ミクヴェは人目につかない場所にある黄色いレンガ造りの建物で、浴室でメイクを落とし、耳を掃除し、歯にフロスをかけ、爪を短く切ったあと、浴槽に入って髪を2度洗って櫛でとかし、足のあいだやお臍のなかや耳の後ろに汚れが残らないように入念に洗う(襞になった部分は要注意だ)。

「身体と水を隔てるものがのこらないように」なったかどうかはミクヴェの「お世話係」にチェックされ、合格すると狭い部屋の小さな青いプールに案内され、そこで「神(ハシェム)よ、沐浴の戒律で私を清めてくださることに感謝します」とヘブライ語の祝祷を唱え、三度身を清める。この儀式を終えてはじめて、夫に「抱かれる」ことを許されるのだ。

ニッダーでない「穢れのない2週間」は、戒律はほとんどない。妻がミクヴェで「清浄」になっていれば、夫婦間のセックスは自由だ。こうやって「新鮮な関係を保つおかげで飽きることがない」のだとデボラは説明された。

サトマール派では避妊は認められないため、女性は多産になる。バビー(デボラの祖母)は10人の子どもを産んだが、これは珍しいことではない。だが男は、ビジネスで成功するよりもトーラーを研究する方が価値が高いとされているので、家計が逼迫することも多い。デボラも、「養いきれないほどの子供を産んだ母親たちが換金所に食料配給券を持ちこむ姿を見て育った」と書いている。

だがこれも、サトマール派にとっては悪いことではないらしい。彼らの世界観では、すべての人間がユダヤ人を憎んでいる。なぜなら、「神様がそのように世界をお作りになった」から。

だからこそ、「貧乏で学がないと思わせておいたほうが、異教徒の嫉妬や恨みを買わずにすむ」のだと、バビーはデボラにいった。「ヨーロッパでは身の程をわきまえず異教徒より豊かになり、教養も身につけたばかりに、憎しみを招いた」のだ。バビーは、ホロコーストがふたたび起き、アメリカからユダヤ人が追放されると信じていた。

サトマール派にとって最大の脅威は、自分たちが「寄生」するアメリカ社会

『アンオーソドックス』を読んで感じたのは、サトマール派のホロコースト体験を核とした強烈な被害者意識だ。自分たちは差別され、抑圧され、排除される存在で、その運命を受け入れることによって「神から選ばれた」のだ。

この転倒した意識から、ある種の超越性/精神性が生まれる。祖父のゼイディは、「この世で自分が持っていると思うものはすべて、本当は自分のものではない」とデボラに教えた。すべては「いつ奪われてしまうかわからないもの」だから。

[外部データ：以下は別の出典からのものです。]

(* Otherwise v + w is the null vector of weight a_v + a_w attached to the
   tangency point of v and w. *)
Lemma tangent_sum_point v w : form v v = 1 -> form w w = 1 -> form v w = -1 ->
  va v + va w <> 0 ->
  let m := va v + va w in
  w = vdiff (vpoint m ((vx v + vx w) / m, (vy v + vy w) / m)) v.
Proof.
  intros Nv Nw Hvw Hm m.
  assert (Null : (vx v + vx w) ^ 2 + (vy v + vy w) ^ 2 - m * (vb v + vb w) = 0).
  { replace 0 with (form v v + 2 * form v w + form w w) by lra. unfold form, m; field. }
  destruct w as [xw yw aw bw]; unfold vdiff, vpoint, m in *; simpl in *; f_equal; try (field; auto).
  apply (Rmult_eq_reg_l (va v + aw)); auto. field_simplify; [nra|auto].
Qed.

(* At the tangency point p of v and w, with unit gradients g of u and e of v, the
   three spinors are a_u e - a_v g, a_u e + a_w g and -(a_v + a_w) e, and the
   relation reduces to Q(u,u) = 1, Q(u,v) = -1, |e| = 1. *)
Lemma triple_spinor_relation u v w :
  form u u = 1 -> form v v = 1 -> form w w = 1 ->
  form u v = -1 -> form u w = -1 -> form v w = -1 ->
  quad4 (spinsq v u) (spinsq u w) (spinsq w v) 0 = 0%C.
Proof.
  intros Nu Nv Nw Huv Huw Hvw.
  destruct (Req_dec (va v + va w) 0) as [Hm|Hm].
  - destruct (tangent_sum_degenerate v w Nv Nw Hvw Hm) as (Ex & Ey & Ea).
    apply C_ext; unfold quad4, spinsq, Cminus, Cplus, Cmult, Copp, RtoC; simpl;
      rewrite Ex, Ey, Ea; ring.
  - pose proof (tangent_sum_point v w Nv Nw Hvw Hm) as Ew; simpl in Ew.
    set (m := va v + va w) in *; set (p := ((vx v + vx w) / m, (vy v + vy w) / m)) in *.
    assert (Fw : forall x, form x w = - (m / 2) * level x p - form x v)
      by (intro x; rewrite Ew, form_vdiff, form_vpoint; reflexivity).
    assert (Lv : level v p = 0).
    { rewrite Fw, Nv in Hvw. destruct (Rmult_integral m (level v p)); [nra|lra|auto]. }
    assert (Lu : m * level u p = 4) by (rewrite Fw, Huv in Huw; lra).
    pose proof (grad_dot u u p) as Guu; pose proof (grad_dot v v p) as Gvv;
    pose proof (grad_dot u v p) as Guv.
    rewrite Lv, Nu, Nv, Huv in *.
    set (gx := gradx u p) in *; set (gy := grady u p) in *;
    set (ex := gradx v p) in *; set (ey := grady v p) in *.
    assert (H1 : m + 4 * va u - m * (gx * gx + gy * gy) = 0).
    { rewrite Guu; transitivity (4 * va u - va u * (m * level u p)); [field|rewrite Lu; ring]. }
    assert (H2 : (2 * m - 4 * va v) + 2 * m * (gx * ex + gy * ey) = 0).
    { rewrite Guv; transitivity (va v * (m * level u p) - 4 * va v); [field|rewrite Lu; ring]. }
    assert (H3 : 1 - (ex * ex + ey * ey) = 0) by (rewrite Gvv; lra).
    rewrite Ew; apply C_ext; unfold quad4, spinsq, Cminus, Cplus, Cmult, Copp, RtoC; simpl.
    + transitivity (m * ((m + 4 * va u - m * (gx * gx + gy * gy)) * (ex * ex - ey * ey)
                    + ((2 * m - 4 * va v) + 2 * m * (gx * ex + gy * ey)) * (gx * ex - gy * ey)
                    + m * (1 - (ex * ex + ey * ey)) * (gx * gx - gy * gy))).
      * unfold gx, gy, ex, ey, gradx, grady, p; simpl; field; auto.
      * rewrite H1, H2, H3; ring.
    + transitivity (2 * m * ((m + 4 * va u - m * (gx * gx + gy * gy)) * (ex * ey)
                    + ((2 * m - 4 * va v) + 2 * m * (gx * ex + gy * ey)) * (gx * ey + gy * ex) / 2
                    + m * (1 - (ex * ex + ey * ey)) * (gx * gy))).
      * unfold gx, gy, ex, ey, gradx, grady, p; simpl; field; auto.
      * rewrite H1, H2, H3; field.
Qed.

Definition gaussian (z : C) : Prop := exists a b : Z, z = (IZR a, IZR b).

Definition gauss_sq (z : C) : Prop := exists g, gaussian g /\ z = (g * g)%C.

Lemma gaussian_spinor_sq d e : gaussian_spinor d e <-> gauss_sq (spinsq (sym d) (sym e)).
Proof.
  split.
  - intros (a & b & Hre & Him); exists (IZR a, IZR b); split; [exists a, b; reflexivity|].
    unfold spin_sq_re, spin_sq_im in Hre, Him.
    apply C_ext; unfold Cmult, spinsq; simpl; [rewrite <- Hre | rewrite <- Him]; ring.
  - intros (g & (a & b & ->) & E); exists a, b.
    apply (f_equal fst) in E as Ere; apply (f_equal snd) in E as Eim.
    unfold Cmult in Ere, Eim; simpl in Ere, Eim.
    unfold spin_sq_re, spin_sq_im; split; [rewrite Ere | rewrite Eim]; ring.
Qed.

Lemma gaussian_add u v : gaussian u -> gaussian v -> gaussian (u + v)%C.
Proof.
  intros (a & b & ->) (c & d & ->); exists (a + c)%Z, (b + d)%Z.
  rewrite !plus_IZR; reflexivity.
Qed.

Lemma gaussian_sub u v : gaussian u -> gaussian v -> gaussian (u - v)%C.
Proof.
  intros (a & b & ->) (c & d & ->); exists (a - c)%Z, (b - d)%Z.
  apply C_ext; rewrite !minus_IZR; unfold Cminus, Cplus, Copp; simpl; ring.
Qed.

(* -(g^2) = (i g)^2. *)
Lemma gauss_sq_opp z : gauss_sq z -> gauss_sq (- z)%C.
Proof.
  intros (g & (a & b & ->) & ->); exists (IZR (- b), IZR a); split; [exists (- b)%Z, a; reflexivity|].
  apply C_ext; rewrite opp_IZR; unfold Cmult, Copp; simpl; ring.
Qed.

Lemma Cmult_eq_0 z w : (z * w)%C = 0%C -> z = 0%C \/ w = 0%C.
Proof.
  intro H; destruct (classic (z = 0%C)) as [Hz|Hz]; [left; exact Hz|right].
  apply NNPP; intro Hw; exact (Cmult_neq_0 z w Hz Hw H).
Qed.

(* If X and Y are Gaussian squares, the roots W = (sqrt X +- sqrt Y)^2 of the
   complex Descartes relation are Gaussian squares. *)
Lemma gauss_sq_root X Y W : gauss_sq X -> gauss_sq Y -> quad4 X Y W 0 = 0%C -> gauss_sq W.
Proof.
  intros (u & Gu & ->) (v & Gv & ->) H.
  assert (F : ((W - (u + v) * (u + v)) * (W - (u - v) * (u - v)))%C = quad4 (u * u) (v * v) W 0)
    by (unfold quad4; ring).
  rewrite H in F.
  destruct (Cmult_eq_0 _ _ F) as [E|E].
  - exists (u + v)%C; split; [apply gaussian_add; assumption|].
    transitivity ((W - (u + v) * (u + v)) + (u + v) * (u + v))%C; [ring | rewrite E; ring].
  - exists (u - v)%C; split; [apply gaussian_sub; assumption|].
    transitivity ((W - (u - v) * (u - v)) + (u - v) * (u - v))%C; [ring | rewrite E; ring].
Qed.

(* In a frame whose first three pairs have Gaussian spinors, so do the pairs
   with the fourth vector (relations issued from v1, v2 and v3). *)
Lemma conjugate_spinors v1 v2 v3 v4 : frame v1 v2 v3 v4 ->
  gauss_sq (spinsq v1 v2) -> gauss_sq (spinsq v1 v3) -> gauss_sq (spinsq v2 v3) ->
  gauss_sq (spinsq v1 v4) /\ gauss_sq (spinsq v2 v4) /\ gauss_sq (spinsq v3 v4).
Proof.
  intros F G12 G13 G23.
  pose proof (frame_spinor_relation _ _ _ _ v1 F) as R1;
  pose proof (frame_spinor_relation _ _ _ _ v2 F) as R2;
  pose proof (frame_spinor_relation _ _ _ _ v3 F) as R3.
  rewrite spinsq_self in R1, R2, R3.
  rewrite (spinsq_swap v1 v2) in R2; rewrite (spinsq_swap v1 v3), (spinsq_swap v2 v3) in R3.
  rewrite (proj1 (quad4_move_zero _ _ _)) in R1;
  rewrite (proj1 (proj2 (quad4_move_zero _ _ _))) in R2;
  rewrite (proj2 (proj2 (quad4_move_zero _ _ _))) in R3.
  repeat split.
  - exact (gauss_sq_root _ _ _ G12 G13 R1).
  - exact (gauss_sq_root _ _ _ (gauss_sq_opp _ G12) G23 R2).
  - exact (gauss_sq_root _ _ _ (gauss_sq_opp _ G13) (gauss_sq_opp _ G23) R3).
Qed.

Definition integral_vec (v : vec) : Prop :=
  is_int (vx v) /\ is_int (vy v) /\ is_int (va v) /\ is_int (vb v).

Lemma is_int_add a b : is_int a -> is_int b -> is_int (a + b).
Proof. intros [z ->] [w ->]; exists (z + w)%Z; symmetry; apply plus_IZR. Qed.

Lemma is_int_opp a : is_int a -> is_int (- a).
Proof. intros [z ->]; exists (- z)%Z; symmetry; apply opp_IZR. Qed.

Lemma is_int_mul a b : is_int a -> is_int b -> is_int (a * b).
Proof. intros [z ->] [w ->]; exists (z * w)%Z; symmetry; apply mult_IZR. Qed.

Lemma is_int_IZR z : is_int (IZR z).
Proof. exists z; reflexivity. Qed.

(* Images of symbols under inversion in a unit vector [a]: [a] itself goes to -a,
   a vector tangent to [a] goes to u + 2a. *)
Definition vneg (a : vec) : vec := Vec (- vx a) (- vy a) (- va a) (- vb a).

Definition vshift (u a : vec) : vec :=
  Vec (vx u + 2 * vx a) (vy u + 2 * vy a) (va u + 2 * va a) (vb u + 2 * vb a).

Lemma integral_vneg a : integral_vec a -> integral_vec (vneg a).
Proof. intros (Hx & Hy & Ha & Hb); repeat split; apply is_int_opp; assumption. Qed.

Lemma integral_vshift u a : integral_vec u -> integral_vec a -> integral_vec (vshift u a).
Proof.
  intros (Ux & Uy & Ua & Ub) (Ax & Ay & Aa & Ab);
    repeat split; apply is_int_add; try apply is_int_mul; try apply is_int_IZR; assumption.
Qed.

Lemma integral_conjugate v1 v2 v3 v4 :
  integral_vec v1 -> integral_vec v2 -> integral_vec v3 -> integral_vec v4 ->
  integral_vec (comb4 2 2 2 (-1) v1 v2 v3 v4).
Proof.
  intros (X1 & Y1 & A1 & B1) (X2 & Y2 & A2 & B2) (X3 & Y3 & A3 & B3) (X4 & Y4 & A4 & B4).
  unfold comb4; repeat split; simpl;
    repeat apply is_int_add; apply is_int_mul; try apply is_int_IZR; assumption.
Qed.

Lemma small_perturbation a h0 h1 h2 : h0 <> 0 ->
  exists d, 0 < d /\ forall t, Rabs t <= d ->
    0 < 2 + a * t /\ Rabs (h1 * t + h2 * t ^ 2) < Rabs h0.
Proof.
  intro H0.
  pose proof (Rabs_pos a); pose proof (Rabs_pos h1); pose proof (Rabs_pos h2).
  pose proof (Rabs_pos_lt h0 H0) as P0.
  set (K := Rabs a + Rabs h1 + Rabs h2 + 1).
  set (d := Rabs h0 / (2 * K * (Rabs h0 + 1))).
  assert (HK : 1 <= K) by (unfold K; lra).
  assert (Hd : 0 < d) by (unfold d; apply Rdiv_lt_0_compat; nra).
  assert (HdK : d * K * 2 * (Rabs h0 + 1) = Rabs h0) by (unfold d; field; lra).
  assert (dK2 : d * K <= 1 / 2) by nra.
  assert (dK : d * K < Rabs h0) by nra.
  exists d; split; [exact Hd|]; intros t Ht.
  pose proof (Rabs_pos t) as Pt.
  assert (Ht1 : Rabs t <= 1) by nra.
  split.
  - assert (Rabs (a * t) <= 1 / 2) by (rewrite Rabs_mult; unfold K in dK2; nra).
    pose proof (Rle_abs (- (a * t))); rewrite Rabs_Ropp in *; lra.
  - eapply Rle_lt_trans; [apply Rabs_triang|].
    rewrite !Rabs_mult, <- RPow_abs.
    assert (Rabs t ^ 2 <= Rabs t) by nra.
    assert ((Rabs h1 + Rabs h2) * Rabs t <= K * d) by (unfold K; nra).
    nra.
Qed.

(* On a line with unit direction, some parameter of prescribed sign and size at most
   [d] gives a point different from [c] (of the two candidates d and d/2, one works). *)
Lemma parameter_avoiding p gx gy c d h0 : gx * gx + gy * gy = 1 -> 0 < d -> h0 <> 0 ->
  exists t, (fst p + t * gx, snd p + t * gy) <> c /\ Rabs t <= d /\ h0 * t < 0.
Proof.
  intros G Hd H0.
  set (t0 := if Rlt_dec 0 h0 then - d else d).
  assert (T0 : h0 * t0 < 0 /\ Rabs t0 = d).
  { unfold t0; destruct (Rlt_dec 0 h0).
    - rewrite Rabs_Ropp, Rabs_pos_eq by lra; split; nra.
    - rewrite Rabs_pos_eq by lra; split; [nra|reflexivity]. }
  destruct (classic ((fst p + t0 * gx, snd p + t0 * gy) = c)) as [Ec|Nc].
  - exists (t0 / 2); repeat split.
    + intro E; rewrite <- Ec in E; injection E; intros Ey Ex.
      assert (Z : (t0 / 2 - t0) ^ 2 * (gx * gx + gy * gy) = 0) by nra.
      rewrite G in Z; nra.
    + unfold Rdiv; rewrite Rabs_mult, (Rabs_pos_eq (/ 2)) by lra; lra.
    + nra.
  - exists t0; repeat split; [exact Nc|lra|tauto].
Qed.

(* If the sublevel sets of [s] and [e] agree off one point, the boundary of [s]
   lies in the zero set of [level e]: otherwise [level e] keeps a constant sign
   across the boundary of [s]. *)
Lemma boundary_agreement s e c : form s s = 1 ->
  (forall p, p <> c -> (level s p <= 0 <-> level e p <= 0)) ->
  forall p, level s p = 0 -> level e p = 0.
Proof.
  intros Ns Agree p Lp.
  pose proof (grad_dot s s p) as Gss; rewrite Lp, Ns in Gss.
  set (gx := gradx s p) in *; set (gy := grady s p) in *.
  assert (G1 : gx * gx + gy * gy = 1) by lra.
  assert (G2 : gx ^ 2 + gy ^ 2 = 1) by (simpl; lra).
  set (h0 := level e p); set (h1 := 2 * (gradx e p * gx + grady e p * gy)); set (h2 := va e).
  assert (Ls : forall t, level s (fst p + t * gx, snd p + t * gy) = t * (2 + va s * t))
    by (intro t; rewrite level_shift, Lp; fold gx gy; rewrite G1, G2; ring).
  assert (Le : forall t, level e (fst p + t * gx, snd p + t * gy) = h0 + (h1 * t + h2 * t ^ 2))
    by (intro t; rewrite level_shift; fold gx gy; rewrite G2; unfold h0, h1, h2; ring).
  apply NNPP; intro H0.
  destruct (small_perturbation (va s) h0 h1 h2 H0) as (d & Hd & Small).
  destruct (parameter_avoiding p gx gy c d h0 G1 Hd H0) as (t & Hc & Bt & St).
  destruct (Small t Bt) as [Pos Err].
  pose proof (Agree _ Hc) as A; rewrite Ls, Le in A.
  pose proof (Rle_abs (h1 * t + h2 * t ^ 2)) as E1;
  pose proof (Rle_abs (- (h1 * t + h2 * t ^ 2))) as E2; rewrite Rabs_Ropp in E2.
  (* the point of parameter [t] lies in the disk of [s] exactly when h0 > 0, while the
     sign of [level e] there is that of h0 *)
  destruct (Rlt_dec 0 h0) as [Hp|Hn].
  - rewrite (Rabs_pos_eq h0) in Err by lra.
    assert (Tn : t < 0) by (destruct (Rlt_le_dec t 0); [auto|pose proof (Rmult_le_pos h0 t); lra]).
    assert (In : t * (2 + va s * t) <= 0) by nra. apply A in In; lra.
  - rewrite (Rabs_left h0) in Err by lra.
    assert (Tp : 0 < t) by (destruct (Rlt_le_dec 0 t); [auto|pose proof (Rmult_le_pos (- h0) (- t)); lra]).
    assert (Out : 0 < t * (2 + va s * t)) by nra.
    assert (Ins : h0 + (h1 * t + h2 * t ^ 2) <= 0) by lra. apply A in Ins; lra.
Qed.

Definition vscale (l : R) (u : vec) : vec := Vec (l * vx u) (l * vy u) (l * va u) (l * vb u).

(* A quadratic vanishing on a line (unit symbol with a = 0) is a multiple of its
   equation: test it at three points of the line. *)
Lemma zero_set_proportional_line s e : form s s = 1 -> va s = 0 ->
  (forall p, level s p = 0 -> level e p = 0) -> exists l, e = vscale l s.
Proof.
  destruct s as [sx sy sa sb], e as [ex ey ea eb]; unfold form, level, vscale; simpl.
  intros N Ha Z.
  subst sa; assert (U : sx ^ 2 + sy ^ 2 = 1) by lra.
  assert (Zt : forall t, let p := (sb * sx / 2 - t * sy, sb * sy / 2 + t * sx) in
             ea * (fst p ^ 2 + snd p ^ 2) - 2 * (ex * fst p + ey * snd p) + eb = 0).
  { intro t; apply Z; simpl.
    transitivity (sb * (1 - (sx ^ 2 + sy ^ 2))); [field | rewrite U; ring]. }
  pose proof (Zt 0) as Z0; pose proof (Zt 1) as Z1; pose proof (Zt (-1)) as Zm; simpl in Z0, Z1, Zm.
  assert (Hea : ea = 0) by nra.
  assert (Hp : - ex * sy + ey * sx = 0) by nra.
  exists (ex * sx + ey * sy); subst ea; f_equal.
  - transitivity (ex * (sx ^ 2 + sy ^ 2)); [rewrite U; ring|].
    transitivity ((ex * sx + ey * sy) * sx - (- ex * sy + ey * sx) * sy); [ring|rewrite Hp; ring].
  - transitivity (ey * (sx ^ 2 + sy ^ 2)); [rewrite U; ring|].
    transitivity ((ex * sx + ey * sy) * sy + (- ex * sy + ey * sx) * sx); [ring|rewrite Hp; ring].
  - ring.
  - nra.
Qed.
Lemma card_set_pair (A B : finType) (P : A -> B -> bool) :
  #|[set ab : A * B | P ab.1 ab.2]| = \sum_b #|[set a | P a b]|.
Proof.
rewrite card_set_sumb -(pair_big xpredT xpredT (fun a b => (P a b : nat))) /=.
by rewrite exchange_big; apply: eq_bigr => b _; rewrite card_set_sumb.
Qed.

Lemma card_fibres (T : finType) k (f : T -> 'I_k) :
  #|T| = \sum_i #|[set x | f x == i]|.
Proof.
under eq_bigr => i _ do rewrite card_set_sumb.
rewrite exchange_big -sum1_card; apply: eq_bigr => x _.
by rewrite (bigD1 (f x)) //= eqxx big1 // => i /negbTE; rewrite eq_sym => ->.
Qed.

Lemma card_set_exists_le (A B : finType) (P : A -> B -> bool) :
  #|[set b | [exists a, P a b]]| <= \sum_a #|[set b | P a b]|.
Proof.
rewrite double_count card_set_sumb; apply: leq_sum => b _.
case: existsP => [[a Hab]|] //=.
by rewrite (cardD1 a) inE Hab.
Qed.

Lemma card_geq_le_sum (T : finType) (f : T -> nat) t :
  t * #|[set x | t <= f x]| <= \sum_x f x.
Proof.
rewrite card_set_sumb big_distrr; apply: leq_sum => x _.
by case: (leqP t (f x)) => [le_t_fx | _]; rewrite /= ?muln1 ?muln0.
Qed.

Lemma card_sets (T : finType) : #|{: {set T}}| = 2 ^ #|T|.
Proof.
rewrite -cardsT -card_powerset; apply: eq_card => A.
by rewrite powersetE subsetT inE.
Qed.

Lemma card_ffun_restricted (aT rT : finType) (K : {pred aT}) (P : {pred rT}) :
  #|[set f : {ffun aT -> rT} | [forall a in K, P (f a)]]|
   = #|P| ^ #|K| * #|rT| ^ (#|aT| - #|K|).
Proof.
pose F a := if a \in K then (P : pred rT) else predT.
have -> : #|[set f : {ffun aT -> rT} | [forall a in K, P (f a)]]| = #|family F|.
  apply: eq_card => f; rewrite inE; apply/forallP/familyP => H a;
    by have := H a; rewrite /F; case: (a \in K).
rewrite card_family foldrE big_image /= (bigID (mem K)) /=.
rewrite (eq_bigr (fun _ => #|P|)); last by move=> a Ka; rewrite /F Ka.
rewrite [X in _ * X](eq_bigr (fun _ => #|rT|)); last first.
  by move=> a /negbTE Ka; rewrite /F Ka; apply: eq_card.
by rewrite !prod_nat_const -(cardC K) addKn.
Qed.

Lemma card_ffun_pinned (A : finType) Q (ks : seq A) : uniq ks ->
  #|[set r : {ffun A -> 'I_Q.+1} | all (fun a => r a == ord0) ks]|
   = Q.+1 ^ (#|A| - size ks).
Proof.
move=> uks; rewrite -(card_uniqP uks).
have := card_ffun_restricted (mem ks) (pred1 (@ord0 Q)).
rewrite card1 exp1n mul1n card_ord => <-.
by apply: eq_card => r; rewrite !inE; apply/allP/forall_inP.
Qed.

Lemma leq_wexp2r a b e : a <= b -> a ^ e <= b ^ e.
Proof. by move=> leab; elim: e => // e IH; rewrite !expnS leq_mul. Qed.

Lemma bernoulli_nat a e : a ^ e * (a + e) <= a.+1 ^ e * a.
Proof.
elim: e => [|e IH]; first by rewrite !expn0 addn0.
rewrite !expnS; apply: (@leq_trans (a ^ e * (a + e) * a.+1)).
  by move: (a ^ e) => b; nia.
by apply: leq_trans (leq_mul IH (leqnn a.+1)) _; nia.
Qed.

Lemma two_le_pow_succ a : 0 < a -> 2 * a ^ a <= a.+1 ^ a.
Proof.
move=> a_gt0; have := bernoulli_nat a a.
move: (a ^ a) (a.+1 ^ a) => b c H.
by rewrite -(leq_pmul2r a_gt0); nia.
Qed.

Lemma mixed_pow_antimono Q E E' A : E <= E' -> E' <= A ->
  Q ^ E' * Q.+1 ^ (A - E') <= Q ^ E * Q.+1 ^ (A - E).
Proof.
move=> leEE' leE'A.
have -> : A - E = (E' - E) + (A - E') by lia.
rewrite -(subnKC leEE') expnD -mulnA leq_mul2l; apply/orP; right.
rewrite expnD leq_mul2r addKn; apply/orP; right.
exact: leq_wexp2r.
Qed.

Lemma mixed_pow_small Q N E A : 0 < Q -> Q * N.+1 <= E -> E <= A ->
  2 ^ N.+1 * (Q ^ E * Q.+1 ^ (A - E)) <= Q.+1 ^ A.
Proof.
move=> Q_gt0 leQNE leEA.
rewrite -{2}(subnKC leEA) expnD mulnA leq_mul2r; apply/orP; right.
rewrite -(subnKC leQNE) !expnD mulnA; apply: leq_mul; last exact: leq_wexp2r.
by rewrite mulnC expnM -expnMn expnM; apply: leq_wexp2r; rewrite mulnC two_le_pow_succ.
Qed.

Section Cycles.

Variable T : eqType.
Implicit Types (p s : seq T) (x y : T).

Lemma next_next_neq p x : uniq p -> 3 <= size p -> x \in p -> next p (next p x) != x.
Proof.
move=> up p_ge3 /rot_to[i s rot_p].
rewrite -!(next_rot i up); move: up p_ge3.
rewrite -(rot_uniq i) -(size_rot i) rot_p {rot_p}; case: s => [|y [|z s]] //=.
rewrite !inE !negb_or => /and3P[/and3P[nxy nxz _] /andP[nyz _] _] _.
by rewrite eqxx (eq_sym y x) (negbTE nxy) eqxx eq_sym.
Qed.

Variables (U : eqType) (h : T -> U).

Lemma walk_changes y s :
  let changes := count id (pairmap (fun a b => h a != h b) y s) in
  (changes == 0 -> h y = h (last y s)) /\ (changes == 1 -> h y != h (last y s)).
Proof.
elim: s y => [|z s IH] y //=; have [IH0 IH1] := IH z.
case: (eqVneq (h y) (h z)) => [->|nyz] //=.
by split=> // /eqP[] /eqP /IH0 <-.
Qed.

Lemma pairmap_fpath (V : Type) (F : T -> T -> V) (f : T -> T) z s :
  fpath f z s -> pairmap F z s = map (fun x => F x (f x)) (belast z s).
Proof. by elim: s z => [|w s IH] z //= /andP[/eqP <- /IH ->]. Qed.

Lemma cycle_changes_neq1 p : uniq p -> count (fun x => h x != h (next p x)) p != 1.
Proof.
case: p => [|y s] // up.
have -> : count (fun x => h x != h (next (y :: s) x)) (y :: s)
        = count id (pairmap (fun a b => h a != h b) y (rcons s y)).
  by rewrite (pairmap_fpath _ (cycle_next up)) belast_rcons count_map.
apply/eqP => /eqP one_change.
by have [_ /(_ one_change)] := walk_changes y (rcons s y); rewrite last_rcons eqxx.
Qed.

End Cycles.

Section GraphEmbedding.

Variables (T U : finType) (f : T -> U) (e : rel T) (e' : rel U).
Hypotheses (f_inj : injective f) (f_homo : {homo f : x y / e x y >-> e' x y}).

Lemma graph_cycle_map p : is_graph_cycle e p -> is_graph_cycle e' (map f p).
Proof.
case=> p_ge3 up cyc; split; rewrite ?size_map ?map_inj_uniq // cycle_map.
exact: sub_cycle cyc.
Qed.

Lemma no_unique_colour_map c : no_unique_colour_on_cycles e' c ->
  no_unique_colour_on_cycles e (fun x y => c (f x) (f y)).
Proof.
move=> no_unique p cyc col; have [_ up _] := cyc.
have := no_unique _ (graph_cycle_map cyc) col.
by rewrite /cycle_colour_count count_map (eq_count (a2 := fun x => c (f x) (f (next p x)) == col))
  // => x /=; rewrite (next_map f_inj up).
Qed.

End GraphEmbedding.

Lemma chromatic_ge_indep (T : finType) (e : rel T) k a :
  (forall S : {set T}, {in S &, forall x y, ~~ e x y} -> #|S| < a) ->
  k.-1 * a < #|T| -> chromatic_ge e k.
Proof.
move=> indep_small T_large c f f_proper; rewrite leqNgt; apply/negP => c_lt.
have class_small i : #|[set x | f x == i]| <= a.
  apply/ltnW/indep_small => x y; rewrite !inE => /eqP fx /eqP fy.
  by apply/negP => /f_proper; rewrite fx fy eqxx.
have : #|T| <= c * a.
  have -> : c * a = \sum_(i < c) a by rewrite sum_nat_const card_ord.
  by rewrite (card_fibres f); apply: leq_sum => i _.
by move: T_large; nia.
Qed.

Section EdgeKeys.

Variable T : finType.
Implicit Types (x y : T) (p : seq T).

Definition rank_lt x y := enum_rank x < enum_rank y.

Definition edge_key x y : T * T := if rank_lt x y then (x, y) else (y, x).

Lemma rank_lt_total x y : x != y -> rank_lt x y || rank_lt y x.
Proof.
move=> nxy; rewrite /rank_lt; case: ltngtP => // /val_inj/enum_rank_inj exy.
by rewrite exy eqxx in nxy.
Qed.

Lemma edge_keyC x y : edge_key x y = edge_key y x.
Proof.
rewrite /edge_key /rank_lt.
by case: ltngtP => // /val_inj/enum_rank_inj ->.
Qed.

Lemma edge_key_inj x y x' y' :
  edge_key x y = edge_key x' y' -> (x = x' /\ y = y') \/ (x = y' /\ y = x').
Proof. by rewrite /edge_key; do 2 case: ifP => _; case=> -> ->; [left|right|right|left]. Qed.

Definition cycle_keys p := [seq edge_key x (next p x) | x <- p].

Lemma cycle_keys_uniq p : uniq p -> 3 <= size p -> uniq (cycle_keys p).
Proof.
move=> up p_ge3; rewrite map_inj_in_uniq // => x x' xp x'p.
case/edge_key_inj => [[] // | [-> nxx']].
by have := next_next_neq up p_ge3 x'p; rewrite nxx' eqxx.
Qed.

End EdgeKeys.

Notation word m n := {ffun 'I_m -> 'I_n}.

Section HammingGraph.

Variables m n : nat.
Implicit Types x y z : word m n.

Definition hamming_adj x y :=
  [exists i, (x i != y i) && [forall j, (x j != y j) ==> (j == i)]].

親、兄弟姉妹、家、服――すべてが所有物だが、長い目で見ればたいしたものではないとゼイディは言っていた。すべてを失ったからこそ自分にはわかるのだと。

人生から得られる価値あるものはただひとつ。魂の平穏(メヌハ・ハネフェシュ)であって、それは迫害のさなかにも失われることのない、心の奥深くの静寂だ。われわれは非常に忍耐強く、どれほど過酷な状況に置かれようと平静を保つことができた。惨い拷問も、筆舌に尽くしがたい苦痛も、彼らの心の静けさを揺るがしはしなかった。信仰があれば、大きな目で見て人生に意味などないことがわかる。天国から見ればわれわれの苦しみなどちっぽけなものだが、魂がよどむと目の前のものしか見ることができず、幸せにもなりえない。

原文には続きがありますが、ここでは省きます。